Keywords: Application integration, W3 servers, BSCW

Introduction

The World Wide Web has however proved to be something of a Pandora's Box, opening up many more possibilities than remote access to static documents and pages of information. Not least of these is the potential for remote access to applications, ranging from simple games such as tic-tac-toe, to query interfaces for large and complex database systems. While in its current form W3 is most particularly suited to certain kinds of application--notably those requiring minimal user interfaces and interface-application dialogues, based on a client-server model of interaction--removal of the need to manage cross-platform client and network complexities often makes deployment of such applications remarkably straightforward.

Enabling access to applications from the W3 is currently performed by programming extensions to a standard W3 daemon through its Application Programmers' Interface (API). A consequence of this approach is that deployment of an application over W3 usually requires the configuration and maintenance of an associated W3 server, despite the fact that the application may require only a small part of that server's core functionality. In addition, where server features are potentially useful to an application--for example, facilities for access control--the server implementation of these features is often not suitable or optimal for a new application, and such features may already be built into existing applications. These problems are reflected in the number of applications currently deployed which require proprietary, application-specific W3 servers, as for example with the BASIS WEBserver [3], which enables access to the BASISplus document management and repository system.

Based on our experience of developing the BSCW Shared Workspace system [4]--an application providing basic facilities to support cooperative work over W3--we argue that the extension of existing W3 servers through APIs is often not the optimal approach to deploying applications on the Web. In the following section we discuss this claim in more detail using examples from our own work and other `Web-enabled' applications. We then outline an alternative, more modular approach, and its prototype implementation in an integration toolkit, which has potential for increasing the flexibility with which applications can be enabled for W3 access while reducing the need to develop proprietary, application-specific W3 servers. We demonstrate use of the toolkit in enabling access to the BSCW system from the Web, and show how its component-based design has further allowed integration of electronic mail access features with very few changes to the system itself.

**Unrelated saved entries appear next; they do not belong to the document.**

(* Let $S$ be a monoid, let $r_h$ be a Hoehnke radical of $S$-acts, and let $r_k$ be the Kurosh–Amitsur radical determined by the radical class $\mathbb{R}_{r_h}$, i.e. $r_k(A)=\bigvee\{\rho\in\mathrm{Con}(A): \rho \text{ a Rees congruence with } \Sigma_\rho\subseteq\mathbb{R}_{r_h}\}$ (so that $\mathbb{R}_{r_k}=\mathbb{R}_{r_h}$). Then, with respect to the order $r\le r'$ iff $r(A)\subseteq r'(A)$ for every $S$-act $A$: (1) $r_k=\bigvee\{r: r \text{ is a Kurosh–Amitsur radical with } r\le r_h\}$; (2) $r_k=\bigwedge\{r: r \text{ is a Hoehnke radical with } \mathbb{R}_r=\mathbb{R}_{r_h}\}$.
   Context: An $S$-act over a monoid $S$ is a set $A$ with an action $(s,a)\mapsto sa$ satisfying $s(ta)=(st)a$ and $1a=a$; homomorphisms are action-preserving maps. An $S$-act is trivial if $|A|\le1$. $\mathrm{Con}(A)$ is the lattice of congruences on $A$, with least $\Delta_A$ and greatest $\nabla_A=A\times A$. A Rees congruence is a congruence each of whose classes is a subact or a singleton; $\Sigma_\rho$ is the set of classes of $\rho$ that are non-trivial subacts. For a class $\mathbb{C}$, a $\mathbb{C}$-system of $A$ is a set of pairwise disjoint non-trivial subacts of $A$ each in $\mathbb{C}$. A (normal) Hoehnke radical is an assignment $r$ giving each $S$-act $A$ a congruence $r(A)$ such that (i) for every homomorphism $f:A\to B$, $(a,a')\in r(A)$ implies $(f(a),f(a'))\in r(B)$, and (ii) $r(A/r(A))=\Delta_{A/r(A)}$. Its radical class is $\mathbb{R}_r=\{A: r(A)=\nabla_A\}$. A Hoehnke radical $r$ is Kurosh–Amitsur if (i) every $r(A)$ is a Rees congruence; (ii) $r(B)=\nabla_B$ for all $B\in\Sigma_{r(A)}$; (iii) for every $\mathbb{R}_r$-system $\Sigma$ of $A$ and every $B\in\Sigma$ there is $C\in\Sigma_{r(A)}$ with $B\le C$. *)

From Stdlib Require Import FunctionalExtensionality PropExtensionality ProofIrrelevance.
Set Implicit Arguments.
Unset Strict Implicit.

Record monoid := Monoid {
  mcar :> Type;
  mmul : mcar -> mcar -> mcar;
  mone : mcar;
  mmulA : forall x y z, mmul x (mmul y z) = mmul (mmul x y) z;
  mmul1l : forall x, mmul mone x = x;
  mmul1r : forall x, mmul x mone = x }.

Record act (S : monoid) := Act {
  acar :> Type;
  actf : S -> acar -> acar;
  actA : forall s t a, actf s (actf t a) = actf (mmul s t) a;
  act1 : forall a, actf (mone S) a = a }.
Arguments actf {S} _ _ _.

Section Acts.
Variable S : monoid.

Definition is_hom (A B : act S) (f : A -> B) : Prop :=
  forall s a, f (actf A s a) = actf B s (f a).

Definition is_congruence (A : act S) (rho : A -> A -> Prop) : Prop :=
  (forall a, rho a a) /\ (forall a b, rho a b -> rho b a) /\
  (forall a b c, rho a b -> rho b c -> rho a c) /\
  (forall s a b, rho a b -> rho (actf A s a) (actf A s b)).

Definition rel_eq (X : Type) (r r' : X -> X -> Prop) : Prop :=
  forall x y, r x y <-> r' x y.

Definition cls (A : act S) (rho : A -> A -> Prop) (a : A) : A -> Prop := rho a.

(* P is (the carrier of) a subact: closed under the action *)
Definition closed (A : act S) (P : A -> Prop) : Prop :=
  forall s x, P x -> P (actf A s x).

Definition nontrivial (A : Type) (P : A -> Prop) : Prop :=
  exists x y, P x /\ P y /\ x <> y.

Definition sub_actf (A : act S) (P : A -> Prop) (H : closed P)
  (s : S) (x : {x : A | P x}) : {x : A | P x} :=
  exist _ (actf A s (proj1_sig x)) (H s _ (proj2_sig x)).

Lemma sub_actA (A : act S) (P : A -> Prop) (H : closed P) s t x :
  sub_actf H s (sub_actf H t x) = sub_actf H (mmul s t) x.
Proof.
destruct x as [x hx]; unfold sub_actf; simpl.
apply eq_sig_hprop; [intros; apply proof_irrelevance|]; simpl; apply actA.
Qed.

Lemma sub_act1 (A : act S) (P : A -> Prop) (H : closed P) x :
  sub_actf H (mone S) x = x.
Proof.
destruct x as [x hx]; unfold sub_actf; simpl.
apply eq_sig_hprop; [intros; apply proof_irrelevance|]; simpl; apply act1.
Qed.

Definition subact (A : act S) (P : A -> Prop) (H : closed P) : act S :=
  @Act S {x : A | P x} (sub_actf H) (@sub_actA A P H) (@sub_act1 A P H).

(* Quotient act A/rho, carrier = set of rho-classes *)
Definition qcar (A : act S) (rho : A -> A -> Prop) : Type :=
  {P : A -> Prop | exists a, forall x, P x <-> rho a x}.

Definition qact_pred (A : act S) (rho : A -> A -> Prop) (s : S) (P : A -> Prop) : A -> Prop :=
  fun x => exists a, P a /\ rho (actf A s a) x.

Lemma qact_ok (A : act S) (rho : A -> A -> Prop) (Hc : is_congruence rho)
  (s : S) (P : qcar rho) :
  exists a, forall x, qact_pred rho s (proj1_sig P) x <-> rho a x.
Proof.
destruct P as [P [a0 Ha0]]; simpl.
destruct Hc as [Hr [Hs [Ht Hact]]].
exists (actf A s a0); intro x; unfold qact_pred; split.
- intros [a [Pa Hax]]. apply Ha0 in Pa. eapply Ht; [apply Hact; exact Pa| exact Hax].
- intros H. exists a0. split; [apply Ha0, Hr| exact H].
Qed.

Definition qactf (A : act S) (rho : A -> A -> Prop) (Hc : is_congruence rho)
  (s : S) (P : qcar rho) : qcar rho :=
  exist _ (qact_pred rho s (proj1_sig P)) (qact_ok Hc s P).

Lemma qactA (A : act S) (rho : A -> A -> Prop) (Hc : is_congruence rho) s t P :
  qactf Hc s (qactf Hc t P) = qactf Hc (mmul s t) P.
Proof.
apply eq_sig_hprop; [intros; apply proof_irrelevance|].
destruct P as [P [a0 Ha0]]; simpl.
destruct Hc as [Hr [Hs [Ht Hact]]].
apply functional_extensionality; intro x; apply propositional_extensionality.
unfold qact_pred; split.
- intros [b [[a [Pa Hab]] Hbx]]. exists a; split; [exact Pa|].
  rewrite <- actA. eapply Ht; [apply Hact; exact Hab| exact Hbx].
- intros [a [Pa Hax]]. exists (actf A t a). split.
  + exists a; split; [exact Pa| apply Hr].
  + rewrite actA; exact Hax.
Qed.

Lemma qact1 (A : act S) (rho : A -> A -> Prop) (Hc : is_congruence rho) P :
  qactf Hc (mone S) P = P.
Proof.
apply eq_sig_hprop; [intros; apply proof_irrelevance|].
destruct P as [P [a0 Ha0]]; simpl.
destruct Hc as [Hr [Hs [Ht Hact]]].
apply functional_extensionality; intro x; apply propositional_extensionality.
unfold qact_pred; split.
- intros [a [Pa Hax]]. rewrite act1 in Hax. apply Ha0. apply Ha0 in Pa. eapply Ht; eauto.
- intros Px. exists x; split; [exact Px| rewrite act1; apply Hr].
Qed.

Deploying Applications on the Web

The basic model of integrating applications with a W3 server is to configure the server to treat some HTTP requests as calls to external scripts and invoke these rather than have the server handle the request itself. CGI specifies the structure and method of passing information about the request (such as the URL requested, HTML form field values and so on) to the script which is expected to provide a reply, such as an HTML page to return to the client. The CGI script may be a very simple routine, for example a call to the Unix finger command, or an interface to a complex application such as a DBMS. Figure 1 shows this most basic interaction between client, server, and CGI script.

Figure 1. Application integration via the CGI

We now describe our own experiences of using the CGI API to develop and deploy both a new and an existing collaboration-support application on the Web.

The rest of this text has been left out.